The shares of Google (NASDAQ:GOOG) reached the $1,000 mark for the first time since its initial public offering (IPO) as analyst and investors are confident that the search engine giant’s revenues from mobile and video advertising will continue to grow.

Google’s stock ended the trading session with 13.80% gain to $1,011.41 per share, and it continues to trade higher after hours on Friday. Over the past 52-week range, the stock price of the search engine giant climbed from $636 per share to its highest level today at $1,015.46 per share. The company first offered its stock at $85 a share in 2004.

Investors’ confidence in Google strengthened after the company reported better-than-expected financial results for the third quarter. The company delivered $10.74 earnings per share on $14.89 billion revenue, higher than the $10.34 earnings per share on $14.79 billion revenue consensus estimate of Wall Street analysts.

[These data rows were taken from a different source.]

(* Let $c_1, c_2$ be \textsc{Imp} commands, $\Phi,\Psi$ relational assertions, and $r$ a \textsc{CoreRel} aligned command. If $\langle\!\langle c_1\mid c_2\rangle\!\rangle \equiv r$ and $\vdash \{\Phi\}\ [\![r]\!]\ \{\Psi\}$ is derivable in the \textsc{Imp} program logic, then $\models_R \{\Phi\}\ c_1 \otimes c_2\ \{\Psi\}$.
   Context: \textsc{Imp} is the imperative language with integer expressions $a ::= n \mid x \mid a+a \mid a-a \mid a*a$, Boolean expressions $b ::= \mathsf{true}\mid\mathsf{false}\mid a=a \mid a<a \mid \neg b \mid b\wedge b$, and commands $c ::= \mathsf{skip} \mid c;c \mid x:=a \mid \mathsf{while}\ b\ c \mid \mathsf{if}\ b\ \mathsf{then}\ c\ \mathsf{else}\ c$. States are partial functions from identifiers to integers; $\sigma,c\Downarrow\sigma'$ is standard big-step semantics. $\vdash\{\phi\}\,c\,\{\psi\}$ denotes derivability in a standard (sound) Hoare logic for partial correctness of \textsc{Imp}, parameterized over an assertion language with satisfaction $\sigma\models\phi$. Relational assertions refer to variables of the left and right programs via subscripts $1$ and $2$ (e.g. $x_1 > x_2$); for states $\sigma_1,\sigma_2$ of the two programs, $\sigma_1\uplus\sigma_2$ is the combined state over the disjoint (left/right renamed) variable spaces. Relational safety: $\models_R\{\Phi\}\,c_1\otimes c_2\,\{\Psi\}$ iff for all $\sigma_1,\sigma_2$ with $\sigma_1\uplus\sigma_2\models\Phi$, and all $\sigma_1',\sigma_2'$ with $\sigma_1,c_1\Downarrow\sigma_1'$ and $\sigma_2,c_2\Downarrow\sigma_2'$, we have $\sigma_1'\uplus\sigma_2'\models\Psi$. \textsc{CoreRel} aligned commands are $r ::= \langle\!\langle c \mid c\rangle\!\rangle \mid r ;; r \mid \mathsf{if}_R\ \langle\!\langle b\mid b\rangle\!\rangle\ \mathsf{then}\ r\ \mathsf{else}\ r \mid \mathsf{while}_R\ \langle\!\langle b \mid b\rangle\!\rangle\ r$, with big-step semantics $(\sigma_1,\sigma_2),r\Downarrow_R(\sigma_1',\sigma_2')$: $\langle\!\langle c_1\mid c_2\rangle\!\rangle$ runs $c_1$ on $\sigma_1$ and $c_2$ on $\sigma_2$ independently; $r_1;;r_2$ runs $r_1$ then $r_2$; $\mathsf{if}_R\langle\!\langle b_1\mid b_2\rangle\!\rangle\,\mathsf{then}\,r_1\,\mathsf{else}\,r_2$ runs $r_1$ if $b_1$ is true in $\sigma_1$ and $b_2$ is true in $\sigma_2$, and runs $r_2$ if either is false; $\mathsf{while}_R\langle\!\langle b_1\mid b_2\rangle\!\rangle\,r$ stops (leaving the states unchanged) as soon as either $b_1$ is false in the left state or $b_2$ is false in the right state, and otherwise runs $r$ and repeats. $r_1\equiv r_2$ iff for all $\sigma_1,\sigma_2,\sigma_1',\sigma_2'$, $(\sigma_1,\sigma_2),r_1\Downarrow_R(\sigma_1',\sigma_2')\Leftrightarrow(\sigma_1,\sigma_2),r_2\Downarrow_R(\sigma_1',\sigma_2')$. Reification $[\![\cdot]\!]$ into \textsc{Imp}, using renamings $[\![\cdot]\!]_L,[\![\cdot]\!]_R$ that map left/right variables to disjoint identifier sets (left variable $x\mapsto x_1$, right $x\mapsto x_2$): $[\![\langle\!\langle s_1\mid s_2\rangle\!\rangle]\!] = [\![s_1]\!]_L;[\![s_2]\!]_R$; $[\![r_1;;r_2]\!]=[\![r_1]\!];[\![r_2]\!]$; $[\![\mathsf{while}_R\langle\!\langle b_1\mid b_2\rangle\!\rangle\,r]\!]=\mathsf{while}\ ([\![b_1]\!]_L\wedge[\![b_2]\!]_R)\ [\![r]\!]$; $[\![\mathsf{if}_R\langle\!\langle b_1\mid b_2\rangle\!\rangle\,\mathsf{then}\,r_1\,\mathsf{else}\,r_2]\!]=\mathsf{if}\ ([\![b_1]\!]_L\wedge[\![b_2]\!]_R)\ \mathsf{then}\ [\![r_1]\!]\ \mathsf{else}\ [\![r_2]\!]$. *)

From Stdlib Require Import ZArith Arith.
Open Scope Z_scope.

Definition ident := nat.

Inductive aexp : Type :=
  | ANum (n : Z)
  | AId (x : ident)
  | APlus (a1 a2 : aexp)
  | AMinus (a1 a2 : aexp)
  | AMult (a1 a2 : aexp).

Inductive bexp : Type :=
  | BTrue
  | BFalse
  | BEq (a1 a2 : aexp)
  | BLt (a1 a2 : aexp)
  | BNot (b : bexp)
  | BAnd (b1 b2 : bexp).

Inductive com : Type :=
  | CSkip
  | CSeq (c1 c2 : com)
  | CAsgn (x : ident) (a : aexp)
  | CWhile (b : bexp) (c : com)
  | CIf (b : bexp) (c1 c2 : com).

Definition state := ident -> option Z.

Definition upd (s : state) (x : ident) (n : Z) : state :=
  fun y => if Nat.eqb y x then Some n else s y.

Fixpoint aeval (s : state) (a : aexp) : option Z :=
  match a with
  | ANum n => Some n
  | AId x => s x
  | APlus a1 a2 =>
      match aeval s a1, aeval s a2 with Some n1, Some n2 => Some (n1 + n2) | _, _ => None end
  | AMinus a1 a2 =>
      match aeval s a1, aeval s a2 with Some n1, Some n2 => Some (n1 - n2) | _, _ => None end
  | AMult a1 a2 =>
      match aeval s a1, aeval s a2 with Some n1, Some n2 => Some (n1 * n2) | _, _ => None end
  end.

Fixpoint beval (s : state) (b : bexp) : option bool :=
  match b with
  | BTrue => Some true
  | BFalse => Some false
  | BEq a1 a2 =>
      match aeval s a1, aeval s a2 with Some n1, Some n2 => Some (Z.eqb n1 n2) | _, _ => None end
  | BLt a1 a2 =>
      match aeval s a1, aeval s a2 with Some n1, Some n2 => Some (Z.ltb n1 n2) | _, _ => None end
  | BNot b1 =>
      match beval s b1 with Some v => Some (negb v) | None => None end
  | BAnd b1 b2 =>
      match beval s b1, beval s b2 with
      | Some false, _ => Some false
      | _, Some false => Some false
      | Some true, Some true => Some true
      | _, _ => None
      end
  end.

Inductive ceval : state -> com -> state -> Prop :=
  | E_Skip s : ceval s CSkip s
  | E_Seq s c1 s1 c2 s2 : ceval s c1 s1 -> ceval s1 c2 s2 -> ceval s (CSeq c1 c2) s2
  | E_Asgn s x a n : aeval s a = Some n -> ceval s (CAsgn x a) (upd s x n)
  | E_WhileFalse s b c : beval s b = Some false -> ceval s (CWhile b c) s
  | E_WhileTrue s b c s1 s2 :
      beval s b = Some true -> ceval s c s1 -> ceval s1 (CWhile b c) s2 ->
      ceval s (CWhile b c) s2
  | E_IfTrue s b c1 c2 s' : beval s b = Some true -> ceval s c1 s' -> ceval s (CIf b c1 c2) s'
  | E_IfFalse s b c1 c2 s' : beval s b = Some false -> ceval s c2 s' -> ceval s (CIf b c1 c2) s'.

Definition assertion := state -> Prop.

Inductive derivable : assertion -> com -> assertion -> Prop :=
  | H_Skip P : derivable P CSkip P
  | H_Seq P Q R c1 c2 : derivable P c1 Q -> derivable Q c2 R -> derivable P (CSeq c1 c2) R
  | H_Asgn Q x a :
      derivable (fun s => forall n, aeval s a = Some n -> Q (upd s x n)) (CAsgn x a) Q
  | H_If P Q b c1 c2 :
      derivable (fun s => P s /\ beval s b = Some true) c1 Q ->
      derivable (fun s => P s /\ beval s b = Some false) c2 Q ->
      derivable P (CIf b c1 c2) Q
  | H_While P b c :
      derivable (fun s => P s /\ beval s b = Some true) c P ->
      derivable P (CWhile b c) (fun s => P s /\ beval s b = Some false)
  | H_Conseq P P' Q Q' c :
      (forall s, P s -> P' s) -> derivable P' c Q' -> (forall s, Q' s -> Q s) ->
      derivable P c Q.

(** * Renamings of left/right variables into disjoint identifier sets *)
Definition renL (x : ident) : ident := (2 * x)%nat.
Definition renR (x : ident) : ident := (2 * x + 1)%nat.

Fixpoint ren_a (f : ident -> ident) (a : aexp) : aexp :=
  match a with
  | ANum n => ANum n
  | AId x => AId (f x)
  | APlus a1 a2 => APlus (ren_a f a1) (ren_a f a2)
  | AMinus a1 a2 => AMinus (ren_a f a1) (ren_a f a2)
  | AMult a1 a2 => AMult (ren_a f a1) (ren_a f a2)
  end.

Fixpoint ren_b (f : ident -> ident) (b : bexp) : bexp :=
  match b with
  | BTrue => BTrue
  | BFalse => BFalse
  | BEq a1 a2 => BEq (ren_a f a1) (ren_a f a2)
  | BLt a1 a2 => BLt (ren_a f a1) (ren_a f a2)
  | BNot b1 => BNot (ren_b f b1)
  | BAnd b1 b2 => BAnd (ren_b f b1) (ren_b f b2)
  end.

Fixpoint ren_c (f : ident -> ident) (c : com) : com :=
  match c with
  | CSkip => CSkip
  | CSeq c1 c2 => CSeq (ren_c f c1) (ren_c f c2)
  | CAsgn x a => CAsgn (f x) (ren_a f a)
  | CWhile b c1 => CWhile (ren_b f b) (ren_c f c1)
  | CIf b c1 c2 => CIf (ren_b f b) (ren_c f c1) (ren_c f c2)
  end.

(** Combined state sigma1 ⊎ sigma2 over the renamed variable spaces. *)
Definition combine (s1 s2 : state) : state :=
  fun y => if Nat.even y then s1 (Nat.div2 y) else s2 (Nat.div2 y).

Inductive rcom : Type :=
  | RPair (c1 c2 : com)
  | RSeq (r1 r2 : rcom)
  | RIf (b1 b2 : bexp) (r1 r2 : rcom)
  | RWhile (b1 b2 : bexp) (r : rcom).

Inductive rceval : state -> state -> rcom -> state -> state -> Prop :=
  | R_Pair s1 s2 c1 c2 s1' s2' :
      ceval s1 c1 s1' -> ceval s2 c2 s2' -> rceval s1 s2 (RPair c1 c2) s1' s2'
  | R_Seq s1 s2 r1 r2 t1 t2 u1 u2 :
      rceval s1 s2 r1 t1 t2 -> rceval t1 t2 r2 u1 u2 -> rceval s1 s2 (RSeq r1 r2) u1 u2
  | R_IfTrue s1 s2 b1 b2 r1 r2 s1' s2' :
      beval s1 b1 = Some true -> beval s2 b2 = Some true ->
      rceval s1 s2 r1 s1' s2' -> rceval s1 s2 (RIf b1 b2 r1 r2) s1' s2'
  | R_IfFalse s1 s2 b1 b2 r1 r2 s1' s2' :
      (beval s1 b1 = Some false \/ beval s2 b2 = Some false) ->
      rceval s1 s2 r2 s1' s2' -> rceval s1 s2 (RIf b1 b2 r1 r2) s1' s2'
  | R_WhileFalse s1 s2 b1 b2 r :
      (beval s1 b1 = Some false \/ beval s2 b2 = Some false) ->
      rceval s1 s2 (RWhile b1 b2 r) s1 s2
  | R_WhileTrue s1 s2 b1 b2 r t1 t2 u1 u2 :
      beval s1 b1 = Some true -> beval s2 b2 = Some true ->
      rceval s1 s2 r t1 t2 -> rceval t1 t2 (RWhile b1 b2 r) u1 u2 ->
      rceval s1 s2 (RWhile b1 b2 r) u1 u2.

Definition requiv (r1 r2 : rcom) : Prop :=
  forall s1 s2 s1' s2', rceval s1 s2 r1 s1' s2' <-> rceval s1 s2 r2 s1' s2'.

Fixpoint reify (r : rcom) : com :=
  match r with
  | RPair c1 c2 => CSeq (ren_c renL c1) (ren_c renR c2)
  | RSeq r1 r2 => CSeq (reify r1) (reify r2)
  | RIf b1 b2 r1 r2 => CIf (BAnd (ren_b renL b1) (ren_b renR b2)) (reify r1) (reify r2)
  | RWhile b1 b2 r1 => CWhile (BAnd (ren_b renL b1) (ren_b renR b2)) (reify r1)
  end.

Definition rel_valid (Phi : assertion) (c1 c2 : com) (Psi : assertion) : Prop :=
  forall s1 s2 s1' s2',
    Phi (combine s1 s2) -> ceval s1 c1 s1' -> ceval s2 c2 s2' -> Psi (combine s1' s2').

(* Reification is a faithful simulation: every run of an aligned command [r]
   from [(s1, s2)] to [(t1, t2)] is a run of the Imp program [reify r] from
   [combine s1 s2] to [combine t1 t2], because the left and right renamings
   address disjoint halves of the combined state.  A pair of runs of [c1] and
   [c2] is a run of [RPair c1 c2], hence of the equivalent [r], hence of
   [reify r], and soundness of the Hoare logic carries [Phi] to [Psi]. *)
From Stdlib Require Import ZArith Lia FunctionalExtensionality.
Local Open Scope nat_scope.

Lemma derivable_sound (P : assertion) (c : com) (Q : assertion) :
  derivable P c Q -> forall s s', ceval s c s' -> P s -> Q s'.
Proof.
  induction 1; intros s s' Hrun HP.
  - inversion Hrun; subst; auto.
  - inversion Hrun; subst; eauto.
  - inversion Hrun; subst; eauto.
  - inversion Hrun; subst; eauto.
  - remember (CWhile b c) as w eqn:Ew. revert Ew HP.
    induction Hrun; intros Ew HP; inversion Ew; subst; eauto.
  - eauto.
Qed.

Lemma beval_BAnd_true (s : state) (b1 b2 : bexp) :
  beval s b1 = Some true -> beval s b2 = Some true ->
  beval s (BAnd b1 b2) = Some true.
Proof. intros H1 H2; simpl; rewrite H1, H2; reflexivity. Qed.

Lemma beval_BAnd_false (s : state) (b1 b2 : bexp) :
  beval s b1 = Some false \/ beval s b2 = Some false ->
  beval s (BAnd b1 b2) = Some false.
Proof.
  simpl; intros [H | H]; rewrite H; [reflexivity |].
  destruct (beval s b1) as [[] |]; reflexivity.
Qed.

Section Renaming.

Variable f : ident -> ident.
Variable emb : state -> state.
Hypothesis emb_ren : forall s x, emb s (f x) = s x.
Hypothesis upd_emb_ren : forall s x n, upd (emb s) (f x) n = emb (upd s x n).

Lemma aeval_ren (s : state) (a : aexp) : aeval (emb s) (ren_a f a) = aeval s a.
Proof. induction a; simpl; try rewrite IHa1, IHa2; auto. Qed.

Lemma beval_ren (s : state) (b : bexp) : beval (emb s) (ren_b f b) = beval s b.
Proof.
  induction b; simpl; try rewrite IHb; try rewrite IHb1, IHb2;
    try rewrite !aeval_ren; reflexivity.
Qed.

Lemma ceval_ren (s : state) (c : com) (s' : state) :
  ceval s c s' -> ceval (emb s) (ren_c f c) (emb s').
Proof.
  induction 1; simpl.
  - constructor.
  - econstructor; eauto.
  - rewrite <- upd_emb_ren. constructor. rewrite aeval_ren; assumption.
  - apply E_WhileFalse. rewrite beval_ren; assumption.
  - eapply E_WhileTrue; eauto. rewrite beval_ren; assumption.
  - apply E_IfTrue; auto. rewrite beval_ren; assumption.
  - apply E_IfFalse; auto. rewrite beval_ren; assumption.
Qed.

End Renaming.

Lemma combine_renL (s1 s2 : state) (x : ident) : combine s1 s2 (renL x) = s1 x.
Proof.
  unfold combine, renL.
  rewrite Nat.even_mul, Nat.div2_double; reflexivity.
Qed.

Lemma combine_renR (s1 s2 : state) (x : ident) : combine s1 s2 (renR x) = s2 x.
Proof.
  unfold combine, renR.
  rewrite Nat.add_1_r, Nat.even_succ, Nat.odd_mul, Nat.div2_succ_double.
  reflexivity.
Qed.

Lemma upd_combine_renL (s1 s2 : state) (x : ident) (n : Z) :
  upd (combine s1 s2) (renL x) n = combine (upd s1 x n) s2.
Proof.
  apply functional_extensionality; intro y.
  destruct (Nat.Even_or_Odd y) as [[k ->] | [k ->]]; unfold upd at 1.
  - change (2 * k) with (renL k). rewrite !combine_renL. unfold upd, renL.
    destruct (Nat.eqb_spec (2 * k) (2 * x)), (Nat.eqb_spec k x); auto; lia.
  - change (2 * k + 1) with (renR k). rewrite !combine_renR. unfold renR, renL.
    destruct (Nat.eqb_spec (2 * k + 1) (2 * x)); auto; lia.
Qed.

Lemma upd_combine_renR (s1 s2 : state) (x : ident) (n : Z) :
  upd (combine s1 s2) (renR x) n = combine s1 (upd s2 x n).
Proof.
  apply functional_extensionality; intro y.
  destruct (Nat.Even_or_Odd y) as [[k ->] | [k ->]]; unfold upd at 1.
  - change (2 * k) with (renL k). rewrite !combine_renL. unfold renR, renL.
    destruct (Nat.eqb_spec (2 * k) (2 * x + 1)); auto; lia.
  - change (2 * k + 1) with (renR k). rewrite !combine_renR. unfold upd, renR.
    destruct (Nat.eqb_spec (2 * k + 1) (2 * x + 1)), (Nat.eqb_spec k x); auto; lia.
Qed.

Lemma beval_combine_renL (s1 s2 : state) (b : bexp) :
  beval (combine s1 s2) (ren_b renL b) = beval s1 b.
Proof. exact (beval_ren renL (fun s => combine s s2) (fun s => combine_renL s s2) s1 b). Qed.

Lemma beval_combine_renR (s1 s2 : state) (b : bexp) :
  beval (combine s1 s2) (ren_b renR b) = beval s2 b.
Proof. exact (beval_ren renR (combine s1) (combine_renR s1) s2 b). Qed.

Lemma ceval_reify (s1 s2 : state) (r : rcom) (t1 t2 : state) :
  rceval s1 s2 r t1 t2 -> ceval (combine s1 s2) (reify r) (combine t1 t2).
Proof.
  induction 1; simpl.
  - apply E_Seq with (combine s1' s2).
    + apply (ceval_ren renL (fun s => combine s s2)); auto.
      * intros; apply combine_renL.
      * intros; apply upd_combine_renL.
    + apply (ceval_ren renR (combine s1')); auto.
      * apply combine_renR.
      * apply upd_combine_renR.
  - econstructor; eauto.
  - apply E_IfTrue; auto. apply beval_BAnd_true;
      rewrite ?beval_combine_renL, ?beval_combine_renR; assumption.
  - apply E_IfFalse; auto. apply beval_BAnd_false;
      rewrite beval_combine_renL, beval_combine_renR; assumption.
  - apply E_WhileFalse. apply beval_BAnd_false;
      rewrite beval_combine_renL, beval_combine_renR; assumption.
  - eapply E_WhileTrue; eauto. apply beval_BAnd_true;
      rewrite ?beval_combine_renL, ?beval_combine_renR; assumption.
Qed.

Theorem corollary3p5 (c1 c2 : com) (Phi Psi : assertion) (r : rcom) :
  requiv (RPair c1 c2) r ->
  derivable Phi (reify r) Psi ->
  rel_valid Phi c1 c2 Psi.
Proof.
  intros Hequiv Hderiv s1 s2 s1' s2' HPhi Hrun1 Hrun2.
  assert (Hrel : rceval s1 s2 r s1' s2') by (apply Hequiv; constructor; assumption).
  exact (derivable_sound _ _ _ Hderiv _ _ (ceval_reify _ _ _ _ _ Hrel) HPhi).
Qed.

Martin Pyykkonen, analyst at Wedge Partners Corp. said that Google has a proven business model, and he believes that it is “great growth stock.” On the other hand, Stifel Nicolaus internet analyst, Jordan Rohan commented that the financial performance of the search engine giant is “good enough” and some of the “blemishes are overlooked today.” He added, “I have no problem with the stock showing some life.”

Investors disregard the decline of Google’s key business metric called cost-per-click, down by 4% from the second quarter or 8% year-over-year because it was compensated by an 8% increase in paid clicks or 26% year-over-year. Paid clicks refer to the number of times users click on advertisements and generate revenue.

In a note to investors, Scott Devitt, analysts at Morgan Stanley wrote, “Accelerating ad volume growth of 26% year-over-year implies that rather than struggling with a mobile transition, Google is benefiting from increased screen fragmentation.”

Credit Suisse analysts Stephen Ju noted in his report that the re-acceleration of paid clicks was the highlight of the financial performance of Google for the third quarter. According to him, growth normalized following a period of tougher comps. He said,  “We continue to view Google as one of the best-positioned in our space to benefit from the proliferation of connected devices and the ensuing lift in engagement.”

Based on data compiled by Bloomberg, Majority of analysts (35) covering stock are projecting that Google’s share will continue to trade higher and they recommending a buy rating. Thirteen analysts have a hold rating for the stock. Currently, Google has a market capitalization of $336.82 billion.

A recent study from eMarketer indicated that Google will take 53.17% of the $16.65 billion global mobile advertising market this year.